Protecting tulips from rabbits and other rodents

Updated Mar 11, 2024

rabbit in yardTulips are one of the earliest spring flowers to pop up and many of your clients may have been looking forward to seeing them.

Yet if hungry pests have found the bulbs over the fall and winter or this spring once the shoots appeared, your clients will be sorely disappointed.

Certain landscaping companies like Cartwright Landscaping, based in Richmond, Virginia, and The Garden Kingdom, based in Glen Carbon, Illinois, don’t even fool with planting tulips anymore due to rabbits and other animals feasting on the bulbs.

“There’s tons of bunnies in our area and bunnies tear tulips up, so unless it’s a really protected area we don’t get into tulips too much,” Jeff Cartwright, owner of Cartwright Landscaping said.

While bulbs are beneficial for customers who want to have their garden set to bloom as spring arrived, they are also a tasty treat to numerous types of wildlife. Squirrels, chipmunks, rabbits, mice, voles, moles and deer are just some of the animals that that like to snack on flower bulbs.

Leonard Perry, an extension professor with the University of Vermont, says they are ‘the perfect lunch box,’ according to an article in The Christian Science Monitor.

Finding out specifically what sort of pests are eating your client’s bulbs will help you determine what is the best type of deterrent to use, but a combination of all the options tends to be the most effective.


Repellents are a good method to use if your customers are still trying to protect the bulbs they currently have. These are not foolproof and will need to be replaced on a regular basis, as time and weather can reduce their effectiveness.

Blood meal is a standard repellent that can keep away small rodents while adding nutrients to the soil, but it can also attract other unwanted animals such as raccoons. Using predator hair or urine can also keep creatures away from clients’ bulbs. There are many chemical versions of these repellents that can be used as well.
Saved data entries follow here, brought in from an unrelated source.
Lemma exists_unique_pos_root (g dg : R -> R) (v a b : R) :
  (forall x, 0 < x -> is_derive g x (dg x) /\ 0 < dg x) ->
  0 < a -> 0 < b -> g a < v -> v < g b ->
  exists! x, 0 < x /\ g x = v.
Proof.
  intros Hg Ha Hb Hga Hgb.
  assert (Hincr : forall x y, 0 < x -> x < y -> g x < g y).
  { intros x y Hx Hxy.
    apply (incr_function g 0 p_infty dg); simpl; auto;
      intros z Hz _; now apply Hg. }
  assert (Hab : a < b).
  { destruct (Rtotal_order a b) as [|[<-|Hba]]; [easy | lra |].
    pose proof (Hincr b a Hb Hba). lra. }
  destruct (IVT_interv (fun x => g x - v) a b) as (x & Hx & Hgx); try lra.
  - intros z Hz. apply continuity_pt_minus; [|apply continuity_pt_const; now intros ? ?].
    apply continuity_pt_filterlim, (@ex_derive_continuous R_AbsRing R_NormedModule).
    exists (dg z). apply Hg. lra.
  - exists x. split; [split; lra|].
    intros y [Hy Hgy].
    destruct (Rtotal_order x y) as [Hxy|[|Hxy]]; auto.
    + pose proof (Hincr x y ltac:(lra) Hxy). lra.
    + pose proof (Hincr y x Hy Hxy). lra.
Qed.

Lemma ex_unique_pos_iff (P Q : R -> Prop) :
  (forall x, 0 < x -> P x <-> Q x) ->
  (exists! x, 0 < x /\ P x) -> exists! x, 0 < x /\ Q x.
Proof.
  intros HPQ (x & [Hx HPx] & Hu). exists x. split; [split; [|apply HPQ]; auto|].
  intros y [Hy HQy]. apply Hu. split; [|apply HPQ]; auto.
Qed.

Lemma sinh_mul_tanh_gt (n : nat) x :
  (1 <= n)%nat -> 0 < x -> sinh x - 1 < sinh x * tanh (x * INR n / 2).
Proof.
  intros Hn Hx. rewrite tanh_half.
  pose proof (exp_gt_2_sinh x). pose proof (exp_mul_nat_ge n x Hn ltac:(lra)).
  set (E := exp (x * INR n)) in *. assert (0 < E) by apply exp_pos.
  replace (sinh x * ((E - 1) / (E + 1))) with (sinh x - 1 + (E + 1 - 2 * sinh x) / (E + 1))
    by (field; lra).
  assert (0 < (E + 1 - 2 * sinh x) / (E + 1)) by (apply Rdiv_lt_0_compat; lra).
  lra.
Qed.

Lemma sinh_mul_tanh_eq_exists_unique (n : nat) v :
  (1 <= n)%nat -> 0 < v -> exists! x, 0 < x /\ sinh x * tanh (x * INR n / 2) = v.
Proof.
  intros Hn Hv. assert (HN : 1 <= INR n) by (apply (le_INR 1); lia).
  assert (Ha : 0 < arcsinh v) by (rewrite <- arcsinh_0; now apply arcsinh_lt).
  assert (Hb : 0 < arcsinh (v + 1)) by (rewrite <- arcsinh_0; apply arcsinh_lt; lra).
  apply (exists_unique_pos_root _
    (fun x => cosh x * ((exp (x * INR n) - 1) / (exp (x * INR n) + 1))
              + sinh x * (2 * INR n * exp (x * INR n) / (exp (x * INR n) + 1) ^ 2))
    v (arcsinh v) (arcsinh (v + 1))).
  - intros x Hx. pose proof (exp_pos (x * INR n)).
    assert (1 < exp (x * INR n)) by (apply exp_gt_1; nra).
    split.
    + apply (is_derive_ext (fun t => sinh t * ((exp (t * INR n) - 1) / (exp (t * INR n) + 1)))).
      { intros t. now rewrite tanh_half. }
      unfold sinh, cosh. auto_derive; [lra|]. field. lra.
    + pose proof (cosh_pos x). pose proof (sinh_pos x Hx).
      apply Rplus_lt_0_compat; apply Rmult_lt_0_compat; try lra;
        apply Rdiv_lt_0_compat; try apply pow_lt; nra.
  - exact Ha.
  - exact Hb.
  - rewrite sinh_arcsinh. pose proof (tanh_lt_1 (arcsinh v * INR n / 2)). nra.
  - pose proof (sinh_mul_tanh_gt n _ Hn Hb). rewrite sinh_arcsinh in *. lra.
Qed.

(* No side condition needed: at [t = 0] both sides are [0 * / 0 = 0]. *)
Lemma sinh_div_tanh_half_exp (n : nat) t :
  sinh t / tanh (t * INR n / 2) = sinh t * (exp (t * INR n) + 1) / (exp (t * INR n) - 1).
Proof. rewrite tanh_half. unfold Rdiv. rewrite Rinv_mult, Rinv_inv. ring. Qed.

Lemma sinh_div_tanh_eq_exists_unique (n : nat) v :
  (1 <= n)%nat -> 2 < INR n * v -> exists! x, 0 < x /\ sinh x / tanh (x * INR n / 2) = v.
Proof.
  intros Hn Hnv. assert (HN : 1 <= INR n) by (apply (le_INR 1); lia).
  assert (Hv : 0 < v) by nra.
  (* [phi t > 0] means [sinh t / tanh (t n / 2) < v]; as [phi 0 = 0] and
     [phi' 0 = n v - 2 > 0], this happens for some small [t > 0]. *)
  set (phi t := v * (exp (t * INR n) - 1) - sinh t * (exp (t * INR n) + 1)).
  assert (Hphi : is_derive phi 0 (INR n * v - 2)).
  { unfold phi, sinh. auto_derive; [easy|].
    rewrite Rmult_0_l, Ropp_0, exp_0. field. }
  destruct (is_derive_gt_right phi 0 _ Hphi ltac:(lra)) as (a & Ha & Hphia).
  assert (Hb : 0 < arcsinh v) by (rewrite <- arcsinh_0; now apply arcsinh_lt).
  apply (exists_unique_pos_root _
    (fun x => 2 * exp (x * INR n) * (cosh x * sinh (x * INR n) - INR n * sinh x)
              / (exp (x * INR n) - 1) ^ 2)
    v a (arcsinh v)); [| exact Ha | exact Hb | |].
  - intros x Hx. pose proof (exp_pos (x * INR n)).
    assert (1 < exp (x * INR n)) by (apply exp_gt_1; nra).
    split.
    + apply (is_derive_ext (fun t => sinh t * (exp (t * INR n) + 1) / (exp (t * INR n) - 1))).
      { intros t. now rewrite sinh_div_tanh_half_exp. }
      unfold sinh, cosh. auto_derive; [lra|].
      rewrite !exp_Ropp. pose proof (exp_pos x). field. lra.
    + pose proof (cosh_gt_1 x Hx). pose proof (sinh_pos x Hx).
      pose proof (sinh_mul_nat_ge n x ltac:(lra)).
      apply Rdiv_lt_0_compat; [|apply pow_lt; lra].
      assert (0 < sinh (x * INR n)) by nra.
      apply Rmult_lt_0_compat; [lra|]. nra.
  - rewrite sinh_div_tanh_half_exp.
    unfold phi in Hphia. rewrite Rplus_0_l, Rmult_0_l, exp_0, sinh_0 in Hphia.
    assert (1 < exp (a * INR n)) by (apply exp_gt_1; nra).
    apply (Rmult_lt_reg_r (exp (a * INR n) - 1)); [lra|].
    unfold Rdiv. rewrite Rmult_assoc, Rinv_l by lra. lra.
  - rewrite sinh_arcsinh.
    pose proof (tanh_pos (arcsinh v * INR n / 2) ltac:(nra)).
    pose proof (tanh_lt_1 (arcsinh v * INR n / 2)).
    set (t := tanh (arcsinh v * INR n / 2)) in *.
    apply (Rmult_lt_reg_r t); [lra|].
    replace (v / t * t) with v by (field; lra). nra.
Qed.

Lemma not_two_string_eq_nonneg (L : nat) u c sg xi :
  (1 <= L)%nat -> 0 < u -> 0 <= c -> sg = 1 \/ sg = -1 -> 0 < xi -> ~ two_string_eq L u c sg xi.
Proof.
  intros HL Hu Hc Hsg Hxi. unfold two_string_eq.
  pose proof (exp_mul_nat_ge L xi HL ltac:(lra)).
  pose proof (exp_gt_1 xi Hxi).
  assert (0 <= c * sinh xi) by (pose proof (sinh_pos xi Hxi); nra).
  destruct Hsg as [-> | ->]; nra.
Qed.

Lemma two_string_eq_exists_unique (L : nat) u c sg :
  (1 <= L)%nat -> 2 < u * INR L -> -1 <= c < 0 -> sg = 1 \/ sg = -1 ->
  exists! xi, 0 < xi /\ two_string_eq L u c sg xi.
Proof.
  intros HL HuL Hc Hsg. assert (HN : 1 <= INR L) by (apply (le_INR 1); lia).
  assert (Hu : 0 < u) by nra.
  assert (Hv : u <= u / - c).
  { apply (Rmult_le_reg_r (- c)); [lra|]. field_simplify; nra. }
  assert (HE : forall xi, 0 < xi -> 1 < exp (xi * INR L))
    by (intros xi Hxi; apply exp_gt_1; nra).
  destruct Hsg as [-> | ->].
  - apply (ex_unique_pos_iff (fun xi => sinh xi * tanh (xi * INR L / 2) = u / - c));
      [| apply sinh_mul_tanh_eq_exists_unique; auto; lra].
    intros xi Hxi. specialize (HE xi Hxi).
    rewrite tanh_half, Rmult_div_assoc, Rdiv_eq_Rdiv_iff by lra.
    unfold two_string_eq. split; intros; lra.
  - apply (ex_unique_pos_iff (fun xi => sinh xi / tanh (xi * INR L / 2) = u / - c));
      [| apply sinh_div_tanh_eq_exists_unique; auto; nra].
    intros xi Hxi. specialize (HE xi Hxi).
    rewrite sinh_div_tanh_half_exp, Rdiv_eq_Rdiv_iff by lra.
    unfold two_string_eq. split; intros; lra.
Qed.

Lemma In_seq_half_iff (L n : nat) :
  In n (seq (Nat.div2 L + 1) (if Nat.even L then (L - 1)%nat else L)) <->
  (L < 2 * n < 3 * L)%nat.
Proof.
  rewrite in_seq.
  destruct (Nat.Even_or_Odd L) as [[k ->]|[k ->]].
  - rewrite Nat.div2_double, Nat.even_even. lia.
  - rewrite Nat.div2_odd', Nat.even_odd. lia.
Qed.

Section TwoStrings.

Variables (L : nat) (U : R).
Hypotheses (HL : (0 < L)%nat) (HU : 0 < U).

Let HLpos : 0 < INR L.
Proof. apply lt_0_INR. lia. Qed.

Lemma two_string_q_range q xi Lam : two_string L U q xi Lam ->
  PI / 2 < q < 3 * PI / 2 /\ exists m : Z, q = IZR m * PI / INR L.
Proof.
  intros H. apply two_string_iff in H as (Hq & Hxi & _ & Hs & Heq); [|exact HU].
  pose proof PI_RGT_0 as HPI. split.
  - assert (Hc : cos q < 0).
    { apply Rnot_le_lt. intro Hc. revert Heq. apply not_two_string_eq_nonneg; auto.
      - lra.
      - now apply sin_eq_0_cos. }
    split; apply Rnot_le_lt; intro Hq'.
    + pose proof (cos_ge_0 q ltac:(lra) Hq'). lra.
    + pose proof (cos_ge_0_3PI2 q ltac:(lra) ltac:(lra)). lra.
  - destruct (sin_eq_0_0 _ Hs) as [m Hm]. exists m. rewrite <- Hm. field. lra.
Qed.

Hypothesis HUL : 8 / U < INR L.

Lemma two_string_exists_unique (m : Z) : PI / 2 < IZR m * PI / INR L < 3 * PI / 2 ->
  exists! p : R * R, two_string L U (IZR m * PI / INR L) (fst p) (snd p).
Proof.
  intros Hm. set (q := IZR m * PI / INR L) in *. pose proof PI_RGT_0 as HPI.
  assert (Hs : sin (q * INR L) = 0) by (apply sin_eq_0_1; exists m; unfold q; field; lra).
  destruct (two_string_eq_exists_unique L (U / 4) (cos q) (cos (q * INR L)))
    as (xi & [Hxi Heq] & Huniq).
  - lia.
  - assert (8 / U * U = 8) by (field; lra). nra.
  - pose proof (COS_bound q). pose proof (cos_lt_0 q ltac:(lra) ltac:(lra)). lra.
  - now apply sin_eq_0_cos.
  - exists (xi, sin q * cosh xi). split.
    + apply two_string_iff; [exact HU|]. repeat split; auto; lra.
    + intros [xi' Lam'] Hp. apply two_string_iff in Hp as (_ & Hxi' & HLam & _ & Heq');
        [|exact HU].
      simpl in *. subst Lam'. now rewrite <- (Huniq xi').
Qed.

Lemma q_range_nat_iff (n : nat) :
  PI / 2 < INR n * PI / INR L < 3 * PI / 2 <-> (L < 2 * n < 3 * L)%nat.
Proof.
  pose proof PI_RGT_0 as HPI. pose proof HLpos.
  assert (Hq : INR n * PI / INR L * INR L = INR n * PI) by (field; lra).
  set (q := INR n * PI / INR L) in *.
  assert (H2n : INR (2 * n) = 2 * INR n) by (rewrite mult_INR; simpl; ring).
  assert (H3L : INR (3 * L) = 3 * INR L) by (rewrite mult_INR; simpl; ring).
  split.
  - intros [H1 H2]. split; apply INR_lt; rewrite ?H2n, ?H3L; nra.
  - intros [H1 H2]. apply lt_INR in H1, H2. rewrite H2n, H3L in *. split; nra.
Qed.

Lemma two_string_q_nat q xi Lam : two_string L U q xi Lam ->
  exists n : nat, q = INR n * PI / INR L /\ (L < 2 * n < 3 * L)%nat.
Proof.
  intros Hs. destruct (two_string_q_range q xi Lam Hs) as [Hr [m Hm]].
  pose proof PI_RGT_0 as HPI. pose proof HLpos.
  assert (Hm0 : (0 <= m)%Z).
  { assert (Hq : q * INR L = IZR m * PI) by (subst q; field; lra).
    apply le_IZR. nra. }
  exists (Z.to_nat m).
  assert (Hq : q = INR (Z.to_nat m) * PI / INR L) by now rewrite INR_IZR_INZ, Z2Nat.id.
  split; [exact Hq | apply q_range_nat_iff; now rewrite <- Hq].
Qed.

(* Only meaningful for admissible [n], where the two-string is unique. *)
Definition string_at (n : nat) : R * R :=
  epsilon (inhabits (0, 0)) (fun p => two_string L U (INR n * PI / INR L) (fst p) (snd p)).

Lemma two_string_count : exists s : list (R * R * R),
  NoDup s /\
  (forall q xi Lam : R, In (q, xi, Lam) s <-> two_string L U q xi Lam) /\
  length s = (if Nat.even L then (L - 1)%nat else L).
Proof.
  pose proof PI_RGT_0 as HPI. pose proof HLpos.
  set (ns := seq (Nat.div2 L + 1) (if Nat.even L then (L - 1)%nat else L)).
  assert (Hex : forall n, In n ns ->
            exists! p, two_string L U (INR n * PI / INR L) (fst p) (snd p)).
  { intros n Hn. rewrite INR_IZR_INZ. apply two_string_exists_unique.
    rewrite <- INR_IZR_INZ. apply q_range_nat_iff, In_seq_half_iff, Hn. }
  assert (Hat : forall n, In n ns ->
            two_string L U (INR n * PI / INR L) (fst (string_at n)) (snd (string_at n))).
  { intros n Hn. unfold string_at. apply epsilon_spec.
    destruct (Hex n Hn) as (p & Hp & _). now exists p. }
  exists (map (fun n => (INR n * PI / INR L, fst (string_at n), snd (string_at n))) ns).
  split; [|split].
  - apply NoDup_map_NoDup_ForallPairs; [|apply seq_NoDup].
    intros a b _ _ Hab. injection Hab as Hab _ _.
    apply INR_eq. apply (Rmult_eq_reg_r (PI / INR L)); [|apply Rgt_not_eq, Rdiv_lt_0_compat; lra].
    rewrite <- !Rmult_div_assoc in Hab. exact Hab.
  - intros q xi Lam. rewrite in_map_iff. split.
    + intros (n & Hn & Hin). injection Hn as <- <- <-. now apply Hat.
    + intros Hs. destruct (two_string_q_nat q xi Lam Hs) as (n & -> & Hn).
      assert (Hin : In n ns) by now apply In_seq_half_iff.
      exists n. split; [|exact Hin].
      destruct (Hex n Hin) as (p & _ & Hu).
      now rewrite <- (Hu _ (Hat n Hin)), (Hu (xi, Lam) Hs).
  - rewrite length_map. apply length_seq.
Qed.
Cayenne pepper’s smell and taste is another method that can discourage various rodents from nibbling on bulbs. To be particularly effective, advise your customers to soak their bulbs in repellent before planting this fall.

Protective barriers

If this season’s bulbs are already lost, you can advise your client on several different control methods for planting bulbs in the fall.

When planting the bulbs, homeowners can mix 10 percent sharp-edged gravel, stone dust or another gritty material to the soil as this will discourage digging rodents from going after their bulbs.

Chicken wire cages are a straightforward method for keeping most any animal out, though some may try to tunnel under. If rabbits are the main culprits, a 4-foot-tall chicken wire fence will do, though the bottom needs to be buried at least 10 inches deep and be bent with an L shape away from the garden. The mesh should be no larger than one inch.

Tulip alternatives

If your customers aren’t attached to growing tulips, one of the easier solutions you can offer is to plant bulbs that the majority of critters don’t want to bother eating.

Daffodils and snowflakes are avoided by rabbits due to the fact that they contain a poisonous substance called lycorine. Ornamental onions (Allium spp.) aren’t poisonous, but their taste is unappetizing to many animals.

Crocuses, Spanish bluebells, grape hyacinths, snowdrops and Siberian squill are other types of bulbs that you can install for customers that should have less of an issue being eaten in the spring.

Inter-planting tulips among some of these unsavory options can also provide a measure of safety for them.